Dzień pierwszy 02.08 Ustrzyki Górne – Kalwaria Pacławska
Wyprawa rozpoczęła się zgodnie z planem – 02 sierpnia na zbiórce uczestników wyprawy w m. Polany koło Zamościa stawili się wszyscy, dwóch rowerzystów: Tato, ja oraz zespół pomocniczy (jak się później okazało – niezbędny) Mama, Ciocia i Wujek. Stamtąd wyruszyliśmy samochodem i rowerami do Ustrzyk Górnych. Na miejsce dotarliśmy wieczorem. Nocleg przewidziałem w schronisku Kremenaros. Odżyły wspomnienia z pobytu tutaj kilka lat wcześniej. Czas zatrzymał się w miejscu
i akurat w tym przypadku mam nadzieję, że tak pozostanie. Niestety, nie obyło się bez przygód – na miejscu okazało się, że nie mamy szpilek do głównego namiotu. Na szczęście Pan, który zarządzał schroniskiem wypożyczył nam zapasowe. Muszę dodać, że na całej trasie, którą pokonaliśmy,
z dwoma wyjątkami, spotykaliśmy się z dużym zainteresowaniem, pomocą i życzliwością ludzi, których mijaliśmy. Rozbiliśmy namioty, zjedliśmy kolację i udaliśmy się na krótki spacer a następnie bardzo podekscytowani usnęliśmy. Następnego dnia (3.08), pobudka około 7.00, krótkie, lekkie śniadanie, pakowanie sakw, namiotów, prowiantu i w drogę. Tak wyglądały kolejne nasze 13 poranków, których po skończonej wyprawie jeszcze długo mi brakowało. Start wyprawy znajdował się w m. Wołosate, do której dotarliśmy około 8.30. Na miejscu okazało się, że muszę walczyć ze sobą pomiędzy przemożną chęcią wejścia kolejny raz na najwyższy szczyt naszej części Bieszczad – Tarnicę a rozpoczęciem wyprawy rowerowej.

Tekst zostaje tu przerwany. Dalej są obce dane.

(* Let $b\ge2$ be an integer, $\lambda\in(1/b,1)$, $k\in\mathbb{Z}_+$, let $\tau$ be a $\mathbb{Z}$-periodic $C^k$ function, let $p\ge2$ be an integer with $\gcd(p,b)=1$, and let $\tilde\tau(x)=\tau(px)$. Then (i) $t\in\mathbb{R}$ is a $C^k$-regulating period of $W^\tau$ if and only if $t/p$ is a $C^k$-regulating period of $W^{\tilde\tau}$; (ii) $\tau$ satisfies condition (H) if and only if $\tilde\tau$ satisfies condition (H).
   Context: $W^\psi(x)=\sum_{n\ge0}\lambda^n\psi(b^nx)$; $t$ is a $C^k$-regulating period of $W^\psi$ if $x\mapsto W^\psi(x+t)-W^\psi(x)$ is $C^k$. With $\Sigma=\{0,\dots,b-1\}^{\mathbb{Z}_+}$, $\gamma=1/(b\lambda)$ and $Y^\psi(x,\mathbf{j})=-\sum_{n\ge1}\gamma^n\psi'\!\left(\frac{x}{b^n}+\frac{j_1}{b^n}+\frac{j_2}{b^{n-1}}+\cdots+\frac{j_n}{b}\right)$, $\psi$ satisfies condition (H) if $Y^\psi(\cdot,\mathbf{j})-Y^\psi(\cdot,\mathbf{i})\not\equiv0$ for all $\mathbf{i}\ne\mathbf{j}\in\Sigma$. *)

From Stdlib Require Import Reals Lra Lia.
From Coquelicot Require Import Coquelicot.
Open Scope R_scope.

Definition W (b : nat) (lam : R) (psi : R -> R) (x : R) : R :=
  Series (fun n => lam ^ n * psi (INR b ^ n * x)).

Definition Ck (k : nat) (f : R -> R) : Prop :=
  (forall m : nat, (m < k)%nat -> forall x, ex_derive_n f (S m) x) /\
  (forall x, continuous (Derive_n f k) x).

Definition regulating_period (b : nat) (lam : R) (k : nat) (psi : R -> R) (t : R) : Prop :=
  Ck k (fun x => W b lam psi (x + t) - W b lam psi x).

Definition Zperiodic (f : R -> R) : Prop := forall x, f (x + 1) = f x.

(* Sigma = {0,...,b-1}^{Z_+}; a sequence (j_1, j_2, ...) is encoded as
   j : nat -> nat with j_m = j (m-1). *)
Definition in_Sigma (b : nat) (j : nat -> nat) : Prop := forall m, (j m < b)%nat.

(* Y^psi(x, j) = - sum_{n>=1} gamma^n psi'(x/b^n + j_1/b^n + ... + j_n/b),
   gamma = 1/(b lam). Index n here stands for n+1 in the paper. *)
Definition Y (b : nat) (lam : R) (psi : R -> R) (x : R) (j : nat -> nat) : R :=
  - Series (fun n =>
      (1 / (INR b * lam)) ^ (S n) *
      Derive psi (x / INR b ^ (S n) +
                  sum_f_R0 (fun m => INR (j m) / INR b ^ (S n - m)) n)).

Definition condH (b : nat) (lam : R) (psi : R -> R) : Prop :=
  forall i j : nat -> nat, in_Sigma b i -> in_Sigma b j -> i <> j ->
    exists x, Y b lam psi x j - Y b lam psi x i <> 0.

From Stdlib Require Import Reals Arith Lra Lia.
From Coquelicot Require Import Coquelicot.
From Stdlib Require Import FunctionalExtensionality ClassicalEpsilon.
Open Scope R_scope.

(* Proof idea.
   (i) Since W^{tau(p.)}(x) = W^tau(p x), the difference function of W^{tau~}
   with step t/p is the difference function of W^tau with step t, composed with
   the dilation x |-> p x; being C^k is invariant under dilations.
   (ii) A digit sequence j in Sigma is a b-adic integer N(j) = sum_m j_m b^m,
   read through its truncations N_n(j) = N(j) mod b^(n+1).  Multiplication by p
   acts on Sigma (j |-> j' with N_n(j') = p N_n(j) mod b^(n+1)), and because
   gcd(p, b) = 1 this action is a bijection of Sigma.  By Z-periodicity of
   tau', Y^{tau~}(x, j) = p Y^tau(p x, j'), so a pair i <> j witnessing
   condition (H) for one function is transported to a witnessing pair for the
   other. *)

Section Digits.
Local Open Scope nat_scope.

Lemma coprime_pow (p b n : nat) : Nat.gcd p b = 1 -> Nat.gcd p (b ^ n) = 1.
Proof.
  intros Hpb. induction n as [|n IH]; simpl.
  - now rewrite Nat.gcd_comm.
  - set (d := Nat.gcd p (b * b ^ n)).
    assert (Hdp : Nat.divide d p) by apply Nat.gcd_divide_l.
    assert (Hdb : Nat.gcd d b = 1).
    { apply Nat.divide_1_r. rewrite <- Hpb. apply Nat.gcd_greatest.
      - eapply Nat.divide_trans; [apply Nat.gcd_divide_l | exact Hdp].
      - apply Nat.gcd_divide_r. }
    assert (Hdbn : Nat.divide d (b ^ n)).
    { eapply Nat.gauss; [apply Nat.gcd_divide_r | exact Hdb]. }
    apply Nat.divide_1_r. rewrite <- IH. now apply Nat.gcd_greatest.
Qed.

Lemma mul_mod_cancel (m p x y : nat) : 0 < m -> Nat.gcd m p = 1 ->
  x < m -> y < m -> (p * x) mod m = (p * y) mod m -> x = y.
Proof.
  intros Hm Hg.
  assert (Hle : forall x y, x <= y -> y < m -> (p * x) mod m = (p * y) mod m -> x = y).
  { clear x y. intros x y Hxy Hy E.
    pose proof (Nat.div_mod_eq (p * x) m). pose proof (Nat.div_mod_eq (p * y) m).
    assert (Hdiv : Nat.divide m (p * (y - x))).
    { exists ((p * y) / m - (p * x) / m).
      rewrite Nat.mul_sub_distr_r, Nat.mul_sub_distr_l. assert (p * x <= p * y) by nia. nia. }
    destruct (Nat.gauss _ _ _ Hdiv Hg) as [[|q] Hq]; nia. }
  intros Hx Hy E. destruct (Nat.le_ge_cases x y).
  - now apply Hle.
  - symmetry. now apply Hle.
Qed.

Lemma mod_mod_mul (m c a : nat) : (a mod (m * c)) mod m = a mod m.
Proof.
  rewrite Nat.Div0.mod_mul_r, (Nat.mul_comm m), Nat.Div0.mod_add.
  apply Nat.Div0.mod_mod.
Qed.

Fixpoint digits_value (b : nat) (j : nat -> nat) (n : nat) : nat :=
  match n with
  | 0 => j 0
  | S n' => digits_value b j n' + j n * b ^ n
  end.

Lemma digits_value_lt (b : nat) (j : nat -> nat) (n : nat) :
  in_Sigma b j -> digits_value b j n < b ^ S n.
Proof.
  intros Hj. induction n as [|n IH]; simpl.
  - specialize (Hj 0). lia.
  - specialize (Hj (S n)). simpl in IH. nia.
Qed.

Lemma digits_value_inj (b : nat) (i j : nat -> nat) : 0 < b ->
  (forall n, digits_value b i n = digits_value b j n) -> i = j.
Proof.
  intros Hb H. apply functional_extensionality. intros [|n].
  - exact (H 0).
  - pose proof (H (S n)) as E. cbn [digits_value] in E. rewrite (H n) in E.
    assert (0 < b ^ S n) by (apply Nat.neq_0_lt_0, Nat.pow_nonzero; lia).
    apply (Nat.mul_cancel_r _ _ (b ^ S n)); lia.
Qed.

Lemma digits_of_residues (b : nat) (M : nat -> nat) : 0 < b ->
  (forall n, M n < b ^ S n) -> (forall n, M (S n) mod b ^ S n = M n) ->
  exists j, in_Sigma b j /\ forall n, digits_value b j n = M n.
Proof.
  intros Hb Hlt Hcompat. exists (fun m => M m / b ^ m). split.
  - intros m. apply Nat.Div0.div_lt_upper_bound.
    specialize (Hlt m). simpl in Hlt. lia.
  - induction n as [|n IH]; simpl.
    + apply Nat.div_1_r.
    + rewrite IH, <- (Hcompat n).
      pose proof (Nat.div_mod_eq (M (S n)) (b * b ^ n)). simpl. lia.
Qed.

Definition mul_digits (b p : nat) (j j' : nat -> nat) : Prop :=
  forall n, digits_value b j' n = (p * digits_value b j n) mod b ^ S n.

Lemma mul_digits_exists (b p : nat) (j : nat -> nat) : 0 < b ->
  exists j', in_Sigma b j' /\ mul_digits b p j j'.
Proof.
  intros Hb. apply digits_of_residues; auto.
  - intros n. apply Nat.mod_upper_bound, Nat.pow_nonzero. lia.
  - intros n. change (b ^ S (S n)) with (b * b ^ S n).
    rewrite (Nat.mul_comm b), mod_mod_mul. cbn [digits_value].
    rewrite Nat.mul_add_distr_l, Nat.mul_assoc. apply Nat.Div0.mod_add.
Qed.

Lemma mul_digits_injective (b p : nat) (i j k : nat -> nat) : 0 < b ->
  Nat.gcd p b = 1 -> in_Sigma b i -> in_Sigma b j ->
  mul_digits b p i k -> mul_digits b p j k -> i = j.
Proof.
  intros Hb Hg Hi Hj Hik Hjk. apply (digits_value_inj b); auto. intros n.
  apply (mul_mod_cancel (b ^ S n) p).
  - apply Nat.neq_0_lt_0, Nat.pow_nonzero. lia.
  - rewrite Nat.gcd_comm. now apply coprime_pow.
  - now apply digits_value_lt.
  - now apply digits_value_lt.
  - now rewrite <- Hik, <- Hjk.
Qed.

Lemma mul_digits_surjective (b p : nat) (j : nat -> nat) : 0 < b -> 0 < p ->
  Nat.gcd p b = 1 -> in_Sigma b j ->
  exists j', in_Sigma b j' /\ mul_digits b p j' j.
Proof.
  intros Hb Hp Hg Hj.
  assert (Hpos : forall n, b ^ n <> 0) by (intros; apply Nat.pow_nonzero; lia).
  assert (Hinv : forall n, exists u, (p * u) mod b ^ S n = 1 mod b ^ S n).
  { intros n. destruct (Nat.gcd_bezout_pos p (b ^ S n) Hp) as [u [v Huv]].
    rewrite coprime_pow in Huv by auto. exists u.
    now rewrite Nat.mul_comm, Huv, Nat.Div0.mod_add. }
  destruct (choice _ Hinv) as [q Hq].
  set (M := fun n => (q n * digits_value b j n) mod b ^ S n).
  assert (HM : forall n, (p * M n) mod b ^ S n = digits_value b j n).
  { intros n. unfold M.
    rewrite Nat.Div0.mul_mod_idemp_r, Nat.mul_assoc, Nat.Div0.mul_mod, Hq,
      <- Nat.Div0.mul_mod, Nat.mul_1_l.
    now apply Nat.mod_small, digits_value_lt. }
  destruct (digits_of_residues b M Hb) as [j' [Hj' Hval]].
  - intros n. now apply Nat.mod_upper_bound.
  - intros n. apply (mul_mod_cancel (b ^ S n) p).
    + now apply Nat.neq_0_lt_0.
    + rewrite Nat.gcd_comm. now apply coprime_pow.
    + now apply Nat.mod_upper_bound.
    + now apply Nat.mod_upper_bound.
    + rewrite HM, Nat.Div0.mul_mod_idemp_r.
      rewrite <- (mod_mod_mul (b ^ S n) b (p * M (S n))), (Nat.mul_comm _ b).
      change (b * b ^ S n) with (b ^ S (S n)). rewrite HM. cbn [digits_value].
      rewrite Nat.Div0.mod_add. now apply Nat.mod_small, digits_value_lt.
  - exists j'. split; auto. intros n. now rewrite Hval, HM.
Qed.

End Digits.

Lemma digit_sum_value (b : nat) (j : nat -> nat) (n : nat) : (0 < b)%nat ->
  sum_f_R0 (fun m => INR (j m) / INR b ^ (S n - m)) n
  = INR (digits_value b j n) / INR b ^ S n.
Proof.
  intros Hb. assert (HB : INR b <> 0) by (apply not_0_INR; lia).
  assert (Hval : INR (digits_value b j n) = sum_f_R0 (fun m => INR (j m) * INR b ^ m) n).
  { induction n as [|n IH]; cbn [digits_value sum_f_R0].
    - simpl. ring.
    - rewrite plus_INR, mult_INR, pow_INR, IH. ring. }
  rewrite Hval. unfold Rdiv at 2. rewrite Rmult_comm, scal_sum.
  apply sum_eq. intros m Hm.
  replace (INR b ^ S n) with (INR b ^ m * INR b ^ (S n - m))
    by (rewrite <- pow_add; f_equal; lia).
  field. split; now apply pow_nonzero.
Qed.

Lemma Derive_periodic (f : R -> R) (z : nat) (y : R) :
  Zperiodic f -> Derive f (y + INR z) = Derive f y.
Proof.
  intros Hper.
  assert (Hstep : forall w, Derive f (w + 1) = Derive f w).
  { intros w. unfold Derive. do 2 f_equal. apply functional_extensionality. intros h.
    now rewrite Rplus_assoc, (Rplus_comm 1 h), <- Rplus_assoc, !Hper. }
  induction z as [|z IH].
  - simpl. now rewrite Rplus_0_r.
  - now rewrite S_INR, <- IH, <- Rplus_assoc, Hstep.
Qed.

Lemma Derive_dilate (f : R -> R) (c y : R) : ex_derive f (c * y) ->
  Derive (fun x => f (c * x)) y = c * Derive f (c * y).
Proof.
  intros Hd. rewrite (Derive_comp f (fun x => c * x)); auto.
  - rewrite Derive_scal, Derive_id. ring.
  - apply ex_derive_scal, ex_derive_id.
Qed.

(* The key identity Y^{tau(p.)}(x, j) = p Y^tau(p x, j') for j' = p * j:
   the arguments of tau' differ by integers, which periodicity absorbs. *)
Lemma Y_dilate (b : nat) (lam : R) (tau : R -> R) (p : nat) (j j' : nat -> nat) (x : R) :
  (0 < b)%nat -> Zperiodic tau -> (forall y, ex_derive tau y) -> mul_digits b p j j' ->
  Y b lam (fun x => tau (INR p * x)) x j = INR p * Y b lam tau (INR p * x) j'.
Proof.
  intros Hb Hper Hd Hjj'. unfold Y.
  assert (HB : INR b <> 0) by (apply not_0_INR; lia).
  rewrite Ropp_mult_distr_r_reverse, <- Series_scal_l. f_equal.
  apply Series_ext. intros n. rewrite !digit_sum_value, Derive_dilate by auto.
  set (m := (b ^ S n)%nat).
  assert (Hm : INR m = INR b ^ S n) by apply pow_INR.
  assert (Hm0 : INR m <> 0) by (rewrite Hm; now apply pow_nonzero).
  assert (Hdiv : INR p * INR (digits_value b j n)
                 = INR m * INR ((p * digits_value b j n) / m) + INR (digits_value b j' n)).
  { rewrite <- !mult_INR, <- plus_INR, (Hjj' n). f_equal. apply Nat.div_mod_eq. }
  replace (INR p * (x / INR b ^ S n + INR (digits_value b j n) / INR b ^ S n))
    with ((INR p * x / INR b ^ S n + INR (digits_value b j' n) / INR b ^ S n)
          + INR ((p * digits_value b j n) / m)).
  - rewrite Derive_periodic by auto. ring.
  - rewrite <- Hm.
    replace (INR (digits_value b j' n))
      with (INR p * INR (digits_value b j n) - INR m * INR ((p * digits_value b j n) / m))
      by lra.
    field. exact Hm0.
Qed.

Na szczęście rozsądek zwyciężył i wyruszyliśmy o 10.00. Bieszczady okazały się górami łaskawymi dla nas rowerzystów – podjazdy i zjazdy, zakręty, piękno miejsc przez które przejeżdżaliśmy spowodowały, że większość trasy minęła szybko. Pierwszy odpoczynek miał miejsce za miejscowością Lutowiska w okolicy Stanicy Kresowej Chreptiów. Tam znajduje się piękny punkt widokowy w kierunku Bieszczad. Nie planowany drugi odpoczynek zrobiliśmy w m. Czarna Górna, gdzie znajduje się prywatne Muzeum Historii Bieszczad. Miejsce jest interesujące z kilku powodów – znajdują się tutaj eksponaty pochodzące z rejonu Bieszczad, właścicielem – pasjonatem jest osoba prywatna, niestety bez wsparcia Państwa. „Kustoszem” jest miła Pani, która opowiada o Bieszczadach. Tak jak cały ten etap, dalsza część trasy przebiegała drogami asfaltowymi, po których odbywał się ruch kołowy. Trudny odcinek, pojawił się na 63 km od m. Krościenko k. Ustrzyk Dolnych do m. Jureczkowa – długa i w miarę prosta droga, nieosłonięty od słońca teren i podjazd cały czas pod górę. Jak się później okazało, było to tylko preludium przed odcinkiem od m. Jureczkowo do Arłamowa. Na tym odcinku, momentami musieliśmy prowadzić rowery. Na metę tego odcinka tj. Kalwarii Pacławskiej dotarliśmy bardzo zmęczeni ale również zadowoleni. Tutaj znaleźliśmy miejsce na rozbicie namiotu. Niestety było zbyt późno na podziwianie widoków okolic, które następnego ranka okazały się bardzo piękne.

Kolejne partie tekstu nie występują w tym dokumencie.